No live EUR/USD, GBP/USD, or USD/JPY spread data is publicly published. The broker has not disclosed the typical spread on the Standard Account, which is the default entry point for most new traders. Without this information, the effective cost of trading the Standard Account is entirely unknown before you deposit.
For reference: on the RAW account, spreads of 0.0 to 0.2 pips on EUR/USD would be competitive, but only if the commission charge does not erase that advantage. On a standard commission model of $7 per round turn per standard lot, 0.0 pip spread equates to an effective 0.7 pip cost, which is average rather than exceptional.
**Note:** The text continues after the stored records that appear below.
Lemma principal_unit_root a : principal_unit a -> exists2 y, principal_unit y & y ^+ q = a.
Proof.
move=> a1; have q_neq0 : (q%:R : Qp) != 0 by rewrite -vp_eq_pinfty vp_natr_coprime.
have q_inv_ge0 : vpge (q%:R : Qp)^-1 0.
  by rewrite (vpgeE _ (vpV vp_natr_coprime)) oppr0.
(* Newton's map for [y ^+ q = a] with the derivative frozen at [y = 1]: it contracts by the
   factor [(q - geom y z) / q], which lies in [p Z_p]. *)
pose F y := y - (y ^+ q - a) / q%:R.
have F_unit y : principal_unit y -> principal_unit (F y).
  move=> y1; rewrite /principal_unit /F.
  rewrite (_ : _ - 1 = (y - 1) - ((y ^+ q - 1) - (a - 1)) / q%:R); last by ring.
  apply: vpgeB (y1) _; apply: vpgeW (vpgeM _ q_inv_ge0); first by rewrite addr0.
  exact: vpgeB (principal_unitX _ y1) a1.
have F_contr y z n : principal_unit y -> principal_unit z ->
    vpge (y - z) n -> vpge (F y - F z) (n + 1).
  move=> y1 z1 yz_n; rewrite (_ : F y - F z = (y - z) * ((q%:R - geom y z) / q%:R)).
    apply: vpgeW (vpgeM yz_n (vpgeM (vpge_natr_sub_geom y1 z1) q_inv_ge0)).
    by rewrite addr0.
  rewrite /F; have -> : y ^+ q = z ^+ q + (y - z) * geom y z.
    by rewrite -subrXX addrC subrK.
  by field.
have [y y1 Fy] := principal_unit_fixpoint F_unit F_contr.
exists y => //; apply/eqP; move/eqP: Fy.
rewrite /F subr_eq addrC -subr_eq subrr eq_sym mulf_eq0 invr_eq0 (negbTE q_neq0) orbF.
by rewrite subr_eq0.
Qed.

Lemma pcont_at_principal_root (X : topologicalType) (x : X) (a s : X -> Qp) :
    (forall t, principal_unit (s t)) -> (forall t, s t ^+ q = a t) ->
  pcont_at x a -> pcont_at x s.
Proof.
move=> s1 sa ax n; apply: filterS (ax n) => t; rewrite -!sa.
exact: vpge_sub_principal_root.
Qed.

Lemma principal_root_fun : exists r : Qp -> Qp,
  forall a, principal_unit a -> principal_unit (r a) /\ r a ^+ q = a.
Proof.
have /choice[r rP] a : exists y, principal_unit a -> principal_unit y /\ y ^+ q = a.
  have [/principal_unit_root[y y1 ya]|a_not1] := pselect (principal_unit a).
    by exists y.
  by exists 0 => /a_not1.
by exists r.
Qed.

End PrincipalRoots.

Lemma mulrn_neq_1Dmulrn (m c : int) (q : nat) : (1 < q)%N -> m *+ q != 1 + c *+ q.
Proof.
move=> q_gt1; apply/eqP => /(congr1 (fun z => z - c *+ q)).
rewrite addrK -mulrnBl -mulr_natr natz => mcq.
have := dvdz_mull (m - c) (dvdzz q); rewrite mcq dvdz1 absz_nat => /eqP q1.
by rewrite q1 in q_gt1.
Qed.

Section QthPowers.
Variables (p : nat) (Qp : padic_field p) (q : nat).
Hypotheses (p_prime : prime p) (q_gt1 : (1 < q)%N).

Lemma vp_le_of_expr_eq (h g f : Qp) :
  h ^+ q = g ^+ q + p%:R * f ^+ q -> (vp g <= vp f)%E.
Proof.
move=> hE; rewrite leNgt; apply/negP => lt_fg.
have f_neq0 : f != 0 by apply/eqP => f0; move: lt_fg; rewrite f0 vp0 ltNge leey.
have [c vf] := vp_finite f_neq0.
have vpf : vp (p%:R * f ^+ q) = (1 + c *+ q)%:E.
  by rewrite vpM (vp_natr_prime _ p_prime) (vpX _ vf) -EFinD.
have gq : vpge (g ^+ q) (1 + c *+ q + 1).
  rewrite vf in lt_fg; apply: vpgeW (vpgeX q (vpge_lt lt_fg)).
  rewrite mulrnDl natz; set C := c *+ q; lia.
have vph : vp (h ^+ q) = (1 + c *+ q)%:E by rewrite hE addrC; apply: vpD_eql.
have h_neq0 : h != 0.
  by apply/eqP => h0; move: vph; rewrite h0 expr0n gtn_eqF ?vp0 // ltnW.
have [m vh] := vp_finite h_neq0.
by move: vph; rewrite (vpX _ vh) => -[]; apply/eqP/mulrn_neq_1Dmulrn.
Qed.

Lemma principal_unit_1DpX (x : Qp) : vpge x 0 -> principal_unit (1 + p%:R * x ^+ q).
Proof.
move=> x0; rewrite /principal_unit addrAC subrr add0r.
apply: vpgeW (vpgeM (vpge_vp (vp_natr_prime _ p_prime)) (vpgeX q x0)).
by rewrite mul0rn addr0.
Qed.

Lemma scaled_root_expr (f g r : Qp) : (vp g <= vp f)%E ->
  r ^+ q = 1 + p%:R * (f / g) ^+ q -> (g * r) ^+ q = g ^+ q + p%:R * f ^+ q.
Proof.
move=> le_gf rE; rewrite exprMn rE; have [g0|g_neq0] := eqVneq g 0.
  have /eqP f0 : f == 0 by rewrite -vp_eq_pinfty -leye_eq -(vp0 Qp) -g0.
  by rewrite g0 f0 !expr0n gtn_eqF ?(ltnW q_gt1) // !mulr0 mul0r addr0.
by rewrite expr_div_n; field; rewrite expf_neq0.
Qed.
End QthPowers.

Theorem proposition4p7 (p : nat) (Qp : padic_field p) (X : topologicalType)
  (q : nat) :
  prime p -> compact [set: X] -> prime q -> q != p ->
  forall f g : X -> Qp, pcont f -> pcont g ->
  (pdivides g f <->
   exists h : X -> Qp, pcont h /\
     forall x : X, h x ^+ q = g x ^+ q + p%:R * f x ^+ q).
Proof.
move=> p_prime _ q_prime q_neq_p f g f_cont g_cont.
have q_gt1 := prime_gt1 q_prime; have q_gt0 := prime_gt0 q_prime.
have p_coprime_q : coprime p q by rewrite prime_coprime // dvdn_prime2 // eq_sym.
split=> [g_dvd_f | [h [_ hE]] x]; last exact: (vp_le_of_expr_eq p_prime q_gt1 (hE x)).
have [r r_root] := principal_root_fun Qp q_gt0 p_coprime_q.
pose s y := r (1 + p%:R * (f y / g y) ^+ q).
have s_root y : principal_unit (s y) /\ s y ^+ q = 1 + p%:R * (f y / g y) ^+ q.
  by apply/r_root/principal_unit_1DpX/vpge_div0/g_dvd_f.
exists (fun y => g y * s y); split=> [x|x]; last first.
  exact: scaled_root_expr (g_dvd_f x) (s_root x).2.
(* At a zero of [g] the factor [s] may jump, but it stays bounded. *)
have [gx0|gx_neq0] := eqVneq (g x) 0.
  by apply: pcont_atMl_eq0 (g_cont x) gx0 _ => y; apply: vpge_principal_unit (s_root y).1.
apply: pcont_atM (g_cont x) _.
apply: (pcont_at_principal_root q_gt0 p_coprime_q (fun y => (s_root y).1)
                                                   (fun y => (s_root y).2)).
have fg_cont := pcont_atM (f_cont x) (pcont_atV (g_cont x) gx_neq0).
exact: pcont_atD (pcont_at_cst x 1)
  (pcont_atM (pcont_at_cst x p%:R) (pcont_atX q fg_cont)).
Qed.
CAUTION — EUR/USD typical spread on the Standard Account is undisclosed. Commission structure on the RAW Account is undisclosed. You cannot calculate true trading costs without this information.
Other Fees
Inactivity fees are not publicly documented. Overnight swap rates are not publicly listed. Whether an Islamic (swap-free) account is available and under what terms is unconfirmed. These gaps mean the true annual cost of holding positions at TX3 Markets cannot be assessed from public information alone.
Leverage
TX3 Markets offers maximum leverage of 1:500 on forex. Leverage at this level is not subject to the ESMA regulatory cap of 1:30 on major forex pairs, which EU and UK regulators enforce based on data showing that higher leverage systematically produces retail account losses.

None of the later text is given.